В поисках великого может быть - стр. 97
И здесь возникает ещё одна очень важная тема, связанная с именем Лауры. «Ты жаждешь славы», – заключает Блаженный Августин. (Этот мотив, как я уже отметил, подчеркивал и Боккаччо). И Петрарка соглашается: «Да – это правда! Я не мечтаю стать богом. Я не мечтаю о бессмертии, мне довольно людской славы, я её жажду и, смертный, сам желаю лишь смертного». Спор закончился. Ничем. «Но да будет так, – сказал Блаженный Августин, – раз не может быть иначе». Голос Августина и свой собственный – это как бы два равнозначных, равновесных голоса, живущих в душе автора.
Подобная противоречивость находит выражение и в лирике Петрарки. Все лучшие стихи к Лауре проникнуты этой двойственностью. Петрарка и сам не знает, что такое эта любовь:
Коль не любовь сей жар, какой недуг
Меня знобит? Коль он – любовь, то что же
Любовь? Добро ль?.. Но эти муки, Боже!..
Так злой огонь?.. А сладость этих мук!..
На что ропщу, коль сам вступил в сей круг?
Коль им пленен, напрасны стоны. То же,
Что в жизни смерть, – любовь. На боль похоже
Блаженство. "Страсть", "страданье" – тот же звук.
Призвал ли я иль принял поневоле
Чужую власть?.. Блуждает разум мой.
Я – утлый челн в стихийном произволе.
И кормщика над праздной нет кормой.
Чего хочу – с самим собой в расколе, -
Не знаю. В зной – дрожу; горю – зимой.
(CXXXII. Перевод Вяч.

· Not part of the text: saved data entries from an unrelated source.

Lemma nondecreasing_discontinuity t : a < t < b -> ~ {for t, continuous f} ->
  discontinuity f t.
Proof.
move=> /andP[ta tb] ncf.
have tI : t \in `[a, b] by rewrite in_itv /= !ltW.
have cl : cvg (f x @[x --> t^'-]).
  apply: nondecreasing_at_left_is_cvgr; near=> x;
    have ax : a <= x by near: x; exact: nbhs_left_ge.
    by move=> y z yI zI; apply: ndf; apply: subset_itvW ax (ltW tb) _ _.
  exists (f t) => _ [y yI <-]; apply: ndf => //; first exact: subset_itvW ax (ltW tb) _ _.
  by move: yI; rewrite /= in_itv => /andP[_ /ltW].
have cr : cvg (f x @[x --> t^'+]).
  apply: nondecreasing_at_right_is_cvgr; near=> x;
    have xb : x <= b by near: x; exact: nbhs_right_le.
    by move=> y z yI zI; apply: ndf; apply: subset_itvW (ltW ta) xb _ _.
  exists (f t) => _ [y yI <-]; apply: ndf => //; first exact: subset_itvW (ltW ta) xb _ _.
  by move: yI; rewrite /= in_itv => /andP[/ltW].
have fl : lim (f x @[x --> t^'-]) <= f t.
  apply: limr_le => //; near=> x.
  have ax : a < x by near: x; exact: nbhs_left_gt.
  have xt : x < t by near: x; exact: nbhs_left_lt.
  by apply: ndf; rewrite ?in_itv /= ?ltW // (lt_trans xt tb).
have fr : f t <= lim (f x @[x --> t^'+]).
  apply: limr_ge => //; near=> x.
  have tx : t < x by near: x; exact: nbhs_right_gt.
  have xb : x < b by near: x; exact: nbhs_right_lt.
  by apply: ndf; rewrite ?in_itv /= ?ltW // (lt_trans ta tx).
split => //; apply/negP => /eqP lr; apply: ncf; apply/left_right_continuousP.
have El : lim (f x @[x --> t^'-]) = f t by apply/le_anti; rewrite fl lr fr.
have Er : lim (f x @[x --> t^'+]) = f t by rewrite -lr.
by split; [rewrite -{1}El | rewrite -{1}Er].
Unshelve. all: by end_near.
Qed.

Lemma countable_nondecreasing_noncontinuity :
  countable [set t | t \in (`]a, b[) /\ ~ {for t, continuous f}].
Proof.
apply: sub_countable (discontinuity_countable ndf); apply: subset_card_le => t [tI ncf].
by split => //; apply: nondecreasing_discontinuity => //; rewrite -in_itv.
Qed.
End monotone.

Section supergradient.
Variable R : realType.

Definition is_supergradient (a b : R) (F : R -> R) (C t d : R) :=
  forall t', t' \in `[a, b] -> F t' <= F t + (t' - t) * d + C * (t' - t) ^+ 2.

Variables (a b C : R) (F p : R -> R).
Hypothesis C_ge0 : 0 <= C.
Hypothesis Fp : forall t, t \in `[a, b] -> is_supergradient a b F C t (p t).

Lemma supergradient_shift_nondecreasing :
  {in `[a, b] &, nondecreasing_fun (fun t => 2 * C * t - p t)}.
Proof.
move=> t t' tI t'I; rewrite le_eqVlt => /predU1P[-> //|tt'].
have := Fp tI t'I; have := Fp t'I tI.
have -> : t - t' = - (t' - t) by rewrite opprB.
have h0 : 0 < t' - t by rewrite subr_gt0.
set h := t' - t => le1 le2.
have : 0 <= h * (2 * C * h - p t' + p t).
  by rewrite sqrrN mulNr in le1; rewrite mulrDr mulrBr; lra.
rewrite pmulr_rge0 // /h; lra.
Qed.

Lemma supergradient_taylor t t' : t \in `[a, b] -> t' \in `[a, b] ->
  `|F t' - F t - (t' - t) * p t| <= `|t' - t| * `|p t' - p t| + C * (t' - t) ^+ 2.
Proof.
move=> tI t'I; have := Fp tI t'I; have := Fp t'I tI.
have -> : t - t' = - (t' - t) by rewrite opprB.
set h := t' - t; rewrite sqrrN !mulNr => le1 le2.
have := ler_norm (h * (p t' - p t)); have := ler_norm (- (h * (p t' - p t))).
rewrite normrN normrM ler_norml => n1 n2; apply/andP; split; rewrite mulrBr in n1 n2 *; lra.
Qed.

Lemma supergradient_lipschitz (P : R) : (forall t, t \in `[a, b] -> `|p t| <= P) ->
  forall t t', t \in `[a, b] -> t' \in `[a, b] ->
  `|F t' - F t| <= (P + C * (b - a)) * `|t' - t|.
Proof.
move=> pP t t' tI t'I; have := Fp tI t'I; have := Fp t'I tI.
have -> : t - t' = - (t' - t) by rewrite opprB.
set h := t' - t; rewrite sqrrN !mulNr => le1 le2.
have hab : `|h| <= b - a.
  move: tI t'I; rewrite !in_itv /= => /andP[? ?] /andP[? ?].
  by rewrite /h ler_norml; apply/andP; split; lra.
have hp s : s \in `[a, b] -> `|h * p s| <= P * `|h|.
  by move=> sI; rewrite normrM mulrC ler_wpM2r ?pP.
have hC : C * h ^+ 2 <= C * (b - a) * `|h|.
  by rewrite -real_normK ?num_real // -mulrA ler_wpM2l // expr2 ler_wpM2r.
have := hp _ tI; have := hp _ t'I; rewrite !ler_norml => /andP[? ?] /andP[? ?].
rewrite [(P + _) * _]mulrDl; apply/andP; split; lra.
Qed.

Lemma supergradient_derivable t : t \in `]a, b[ -> {for t, continuous p} ->
  derivable F t 1.
Proof.
move=> tab cp; apply: (cvgP (p t)); apply/cvgrPdist_le => e e0.
have /nbhs0P nearI := near_in_itvoo tab.
have /nbhs0P nearp : \forall x \near t, `|p x - p t| <= e / 2.
  move/cvgrPdist_le : cp => /(_ _ (divr_gt0 e0 (ltr0Sn _ 1))).
  by apply: filterS => x; rewrite distrC.
have nearC : \forall h \near (0 : R), C * `|h| <= e / 2.
  near=> h; have : `|h| <= e / 2 / (C + 1).
    by near: h; apply: (@nbhs0_le R R^o); rewrite !divr_gt0 ?ltr_wpDl.
  by rewrite ler_pdivlMr ?ltr_wpDl //; have := normr_ge0 h; nra.
near=> h.
have h0 : h != 0 by near: h; exact: nbhs_dnbhs_neq.
have tI : t \in `[a, b] by exact: subset_itv_oo_cc.
have thI : t + h \in `[a, b] by apply: subset_itv_oo_cc; near: h; apply: cvg_within.
have := supergradient_taylor tI thI; rewrite [t + h - t]addrAC subrr add0r.
have -> : p t - h^-1 *: ((F \o shift t) h%:A - F t) = - (h^-1 * (F (t + h) - F t - h * p t)).
  by rewrite /= [h%:A]mulr1 [h + t]addrC -[_ *: _]/(h^-1 * _); field.
rewrite normrN normrM normfV ler_pdivrMl ?normr_gt0 // => /le_trans; apply.
have p2 : `|p (t + h) - p t| <= e / 2 by near: h; apply: cvg_within.
have c2 : C * `|h| <= e / 2 by near: h; apply: cvg_within.
rewrite -real_normK ?num_real //; have := normr_ge0 h; nra.
Unshelve. all: by end_near.
Qed.

Lemma supergradient_derive1 t d : t \in `]a, b[ -> derivable F t 1 ->
  is_supergradient a b F C t d -> derive1 F t = d.
Proof.
rewrite in_itv /= => /andP[ta tb] dF Fd.
apply: (derive1_supergradient (e := Num.min (t - a) (b - t))) => // [|x].
  by rewrite lt_min !subr_gt0 ta tb.
rewrite lt_min => /andP[xa xb]; apply: Fd.
have := ler_norm (x - t); have := ler_norm (- (x - t)); rewrite normrN in_itv /=.
move=> n1 n2; apply/andP; split; lra.
Qed.

Lemma ae_supergradient_derivable :
  \forall t \ae (@lebesgue_measure R), t \in `[a, b] ->
    derivable F t 1 /\ forall d, is_supergradient a b F C t d -> derive1 F t = d.
Proof.
pose g t := 2 * C * t - p t.
pose N := [set t | t \in (`]a, b[) /\ ~ {for t, continuous g}].
have negl (A : set R) : countable A -> (@lebesgue_measure R).-negligible A.
  move=> cA; exists A; split => //; last exact: countable_lebesgue_measure0.
  by apply: countable_measurable cA; exact: measurable_set1.
have cN : countable N :=
  countable_nondecreasing_noncontinuity supergradient_shift_nondecreasing.
apply: (negligibleS _ (negligibleU (negligibleU (negl N cN) (negl _ (countable1 a)))
  (negl _ (countable1 b)))) => t /= nP.
have tI : t \in `[a, b] by apply: contrapT => nI; apply: nP => /nI.
have [->|ta] := eqVneq t a; first by left; right.
have [->|tb] := eqVneq t b; first by right.
have tab : t \in `]a, b[.
  by move: tI; rewrite !in_itv /= !le_eqVlt eq_sym (negPf ta) (negPf tb).
left; left; split => // cg; apply: nP => _.
have cp : {for t, continuous p}.
  have -> : p = (fun s => 2 * C * s) - g by apply/funext => s; rewrite /g !fctE; ring.
  by apply: continuousB => //; apply: continuousM; [exact: cvg_cst | exact: cvg_id].
have dF := supergradient_derivable tab cp.
by split => // d; exact: supergradient_derive1.
Qed.
End supergradient.

Section mean.
Variable R : realType.
Local Notation mu := (@lebesgue_measure R).
Local Notation mean f := ((2 * pi)^-1 * Rintegral mu `[- pi, pi]%classic f).

Let measurable_period : measurable (`[- pi, pi]%classic : set (measurableTypeR R)).
Proof. exact: measurable_itv. Qed.

Let period_length : fine (mu `[- pi, pi]%classic) = 2 * pi.
Proof.
rewrite lebesgue_measure_itv /= lte_fin ifT; last by rewrite gtrN ?pi_gt0.
by rewrite /= opprK -[2]/(1 + 1) mulrDl mul1r.
Qed.

Let continuous_integrable (f : R -> R) : continuous f ->
  mu.-integrable `[- pi, pi]%classic (EFin \o f).
Proof.
move=> cf; apply: continuous_compact_integrable; first exact: segment_compact.
exact: continuous_subspaceT.
Qed.

Lemma norm_mean_le (f : R -> R) (B : R) : continuous f ->
  (forall x, - pi <= x <= pi -> `|f x| <= B) -> `|mean f| <= B.
Proof.
move=> cf fB; have pi2 : 0 < 2 * pi :> R by rewrite mulr_gt0 ?pi_gt0.
have cnf : continuous (fun x => `|f x|).
  by move=> x; apply: continuous_comp (cf x) _; exact: norm_continuous.
rewrite normrM ger0_norm ?invr_ge0 ?(ltW pi2) // ler_pdivrMl //.
apply: le_trans (le_normr_Rintegral measurable_period (continuous_integrable cf)) _.
have cB : continuous (fun _ : R => B) by move=> ?; exact: cvg_cst.
apply: le_trans (le_Rintegral measurable_period (continuous_integrable cnf)
  (continuous_integrable cB) _) _.
  by move=> x /=; rewrite in_itv /=; exact: fB.
by rewrite Rintegral_cst // period_length mulrC.
Qed.

Let continuous_mul (f g : R -> R) : continuous f -> continuous g ->
  continuous (fun x => f x * g x).
Proof. by move=> cf cg x; apply: continuousM; [exact: cf | exact: cg]. Qed.

Lemma norm_ipH_le (f g : R -> R) (B : R) : continuous f -> continuous g ->
  (forall x, - pi <= x <= pi -> `|f x * g x| <= B) -> `|ipH f g| <= B.
Proof. by move=> cf cg; apply: norm_mean_le; exact: continuous_mul. Qed.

Иванова)
В другом стихотворении Петрарка пишет:
Не жажду мира – не влекусь к войне;
Страшусь и жду; горю и леденею;
От всех бегу – и все желанны мне;
Лечу горе – и в прахе цепенею;
Томлюсь в тюрьме – но нет желез в окне;
Открыта дверь – но я бежать не смею:
Любви – не раб и не чужой вполне,
Я не в цепях и не отпущен ею.
Гляжу без глаз; кричу без языка;
На гибель рвусь – и к помощи взываю;
Себе я враг – и дорог мне чужой,
Мне пищей – скорбь, веселием – тоска;
И жизнь и смерть равно я отклоняю:
Вот что вы, донна, сделали со мной!
(CXXXIV. Пер. с итальянского А.Эфроса)
В стихах Петрарки возникают мотивы, каких не могло быть у Данте:
Есть существа с таким надменным взглядом,
Что созерцают солнце напрямик;
Другие же от света прячут лик
И тянутся к вечеровым отрадам;
И третьи есть, отравленные ядом
Любви к огню; и пыл их так велик,
Что платят жизнью за желанный миг, –
Судьба дала мне место с ними рядом!
Поистине, мне вынести невмочь
Сиянья донны, ни найти укрытья
Средь темноты, когда наступит ночь;
И немощный, слезящийся свой взор
Веленьем рока должен к ней стремить я,
Так сам себя веду я на костёр! (121)
(CXXXIV. Пер. с итальянского А. Эфроса)
Различие между Данте и Петраркой довольно точно определил А.С Пушкин в своём знаменитом стихотворении «Сонет»: «Суровый Дант не презирал сонета…» Данте в сознании людей остается суровым автором «Божественной комедии», строгим судьей мира. Изображение же любви впервые появляется именно в лирике Петрарки. Это сонеты, в которых «жар любви Петрарка изливал». И, кроме того, для него самым важным всегда оставалась сама поэзия. Я уже говорил, Петрарку, как, наверное, вообще любого человека, волнует тема смерти. Но для Данте она неразрывно связана с образом загробного мира. А что такое смерть для Петрарки? Это вечное забвение. Откуда смерть берёт свое начало? С того самого момента, когда человека забывают, считает Петрарка. И потому главное для него – это его поэзия, которая способна даровать бессмертие. Петрарка стремится обессмертить себя словом, и в этом смысле он предвосхищает литературу Нового времени.